Silence takes on many forms throughout the film. Silence cements Jane’s social and professional position within the company, positioning speech as an indicator of power. When Jane addresses her superiors, even when relaying necessary information, they always receive it as an interruption. When Jane speaks to her male colleagues of the same rank, they either receive it as trivial or talk through her, quite literally dictating the exact words she should use to address their temperamental boss. Her powerlessness over her own words, even when she is with the other assistants, evidences how her gender forces her into a subordinate position in the company. She speaks freely only with other vulnerable women. Gender, then, becomes an important addition to the conflict of speaking out against abuse and powerful men.

Image Credit: Bleeker Street

Power and professional opportunities are divided disproportionately at Jane’s company. Jane, unlike her male coworkers, is expected to tidy up the boss’s office, open mail, wash dishes, and address the women and estranged wife that visit her boss. Work, conflict, even silence is gendered in this film. This gendering showcases Green’s masterful use of subtext and action to create tensions and highlight unjust societal practices organically through plot.

Among all these nuanced versions of silence, the film pays special attention to the action of being silenced. Being silenced is an act of abuse that implicates others in your crimes. As the trail of hair ties, lost earrings, and strange couch stains build up, so does the tension of needing to speak up but being unable to do so. This tension rises to one of its highest points when Jane must place a new, young, pretty, naïve, Boise waiter turned assistant into a hotel. Jane has been frequently berated by her boss. Yet in this moment she realizes that if she allows whatever might happen to happen, she is as much a victimizer as she is a victim.

Slence’s ability to both implicate and incite, to make one part of the aggrieved party and also an aggressor, contextualizes for audiences how powerful men like Harvey Weinstein exacted their power.
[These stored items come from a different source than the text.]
Lemma orientation_sq : orientation ^ 2 = 1.
Proof.
destruct frame as (hTT & hNN & h11 & h22 & hTN & hT1 & hT2 & hN1 & hN2 & h12).
unfold orientation; rewrite det4_gram.
rewrite (dot4_sym N T), (dot4_sym B1 N), (dot4_sym B2 N), (dot4_sym B1 T),
  (dot4_sym B2 T), (dot4_sym B2 B1).
rewrite hTT, hNN, h11, h22, hTN, hT1, hT2, hN1, hN2, h12.
unfold det4, det3; ring.
Qed.

(* The vector product of three orthonormal vectors is a unit vector, hence equals
   +-d for the fourth frame vector d once its component along d is +-1. *)
Lemma cross4_orthonormal (a b c d : Vec4) :
  dot4 a a = 1 -> dot4 b b = 1 -> dot4 c c = 1 ->
  dot4 a b = 0 -> dot4 a c = 0 -> dot4 b c = 0 -> dot4 d d = 1 ->
  (dot4 (cross4 a b c) d) ^ 2 = 1 -> cross4 a b c = vscal (dot4 (cross4 a b c) d) d.
Proof.
intros haa hbb hcc hab hac hbc hdd hk. apply parallel_of_norm; auto.
rewrite hk, cross4_gram, (dot4_sym b a), (dot4_sym c a), (dot4_sym c b).
rewrite haa, hbb, hcc, hab, hac, hbc; unfold det3; ring.
Qed.
(* Any GET operation by client $c$ on a key $k$ of partition $p$ in which the client sends $hwv = hwm[:,p]$ (its current row for partition $p$ of the highest-write matrix) satisfies per-key read-your-write consistency: if the operation is issued at time $t$ and served by server $s$, which reads the value of $k$ at time $t'$, then every $w\in ClientWrites(c,k,t)$ is included in $CommittedWrites(s,k,t')$.
   Context: System model. Data is replicated in $D$ datacenters and split into $P$ partitions. In each datacenter $d$, each partition is replicated by a Raft group with a leader $L_d$; Raft guarantees that all members of a group commit the same totally ordered sequence of log entries, each with a log index, in increasing index order. Every version $v$ of a key carries a value, an originating datacenter $v.dc\_id$, the log index $idx(v)$ it received in the Raft log of its originating datacenter, and a hybrid logical clock (HLC) timestamp $v.t=\langle l,c\rangle$; HLC timestamps are compared lexicographically. Writes committed in the group of datacenter $d$ that originated at $d$ are forwarded, in commit order, over FIFO channels to the leaders of the same partition in every other datacenter, which append them (carrying their original index $idx(v)$) to their own Raft logs. Each server $s$ keeps a vector $sv$ of length $D$, initially zero; when $s$ commits a version $v$ it sets $sv[v.dc\_id]:=idx(v)$ and adds $v$ to the version chain of its key. Client protocol. Each client $c$ keeps $D\times P$ matrices $hrm$ (highest read) and $hwm$ (highest write), initially zero, and HLC timestamps $dt_r,dt_w$, initially zero. GET of key $k$ in partition $p$: the client sends vectors $hrv,hwv$ of length $D$ (each either the zero vector or $hrm[:,p]$, resp. $hwm[:,p]$); the server blocks while there is $i$ with $sv[i]<hrv[i]$ or $sv[i]<hwv[i]$; it then returns the version $v$ of $k$ in its version chain with the largest timestamp, together with $v.dc\_id$, $sv[v.dc\_id]$ and $v.t$; the client sets $hrm[v.dc\_id,p]:=\max(hrm[v.dc\_id,p],sv[v.dc\_id])$ and $dt_r:=\max(dt_r,v.t)$. PUT of key $k$ in partition $p$ at leader $L_d$: the client sends a dependency timestamp $dt$ (one of $0$, $dt_r$, $dt_w$, $\max(dt_r,dt_w)$); the leader updates its HLC $\langle l,c\rangle$ with $dt$ by the rule: $l':=l$; $l:=\max(l',pt,dt.l)$ where $pt$ is its physical clock; then $c:=\max(c,dt.c)+1$ if $l=l'=dt.l$, else $c:=c+1$ if $l=l'$, else $c:=dt.c+1$ if $l=dt.l$, else $c:=0$; it timestamps the new version with the updated HLC value $t$ and $dc\_id=d$, appends it to the Raft log, and after commit replies with $d$, $sv[d]$ and $t$; the client sets $hwm[d,p]:=\max(hwm[d,p],sv[d])$ and $dt_w:=\max(dt_w,t)$. Definitions. $CommittedWrites(s,k,t)$ is the ordered sequence of all writes of key $k$ committed at server $s$ by time $t$; $ClientWrites(c,k,t)$ is the ordered sequence of all writes of $k$ done by client $c$ by time $t$; $ClientReads(c,k,t)$ is the set of writes whose value of $k$ has been read by client $c$ by time $t$. *)

From HB Require Import structures.
From mathcomp Require Import all_boot all_order.
From Stdlib Require List.
Set Implicit Arguments. Unset Strict Implicit. Unset Printing Implicit Defensive.

Definition hlc := (nat * nat)%type.
Definition hlc0 : hlc := (0, 0).
Definition hlc_lt (a b : hlc) : bool :=
  (a.1 < b.1) || ((a.1 == b.1) && (a.2 < b.2)).
Definition hlc_le (a b : hlc) : bool := hlc_lt a b || (a == b).
Definition hlc_max (a b : hlc) : hlc := if hlc_lt a b then b else a.

(* HLC update of a leader with current value cur, physical clock pt and
   dependency timestamp dt (rule from the paper). *)
Definition hlc_update (cur : hlc) (pt : nat) (dt : hlc) : hlc :=
  let l' := cur.1 in
  let l := maxn (maxn l' pt) dt.1 in
  let c := if (l == l') && (l' == dt.1) then (maxn cur.2 dt.2).+1
           else if l == l' then cur.2.+1
           else if l == dt.1 then dt.2.+1
           else 0 in
  (l, c).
Before watching this movie, I thought I would have had the courage to speak out against workplace abuse, if I had suspected it. Twenty-two and just entering the workplace myself, displaced in a new city and under pressure to prove myself, I am not sure if I would be prepared to drown myself and my career for the small chance of saving someone from hurt. If I or Jane would have spoken up, powerless in our positions, what would have changed? We would have left the company, but the line of victims would have continued. I would have quit that job. I know that for certain.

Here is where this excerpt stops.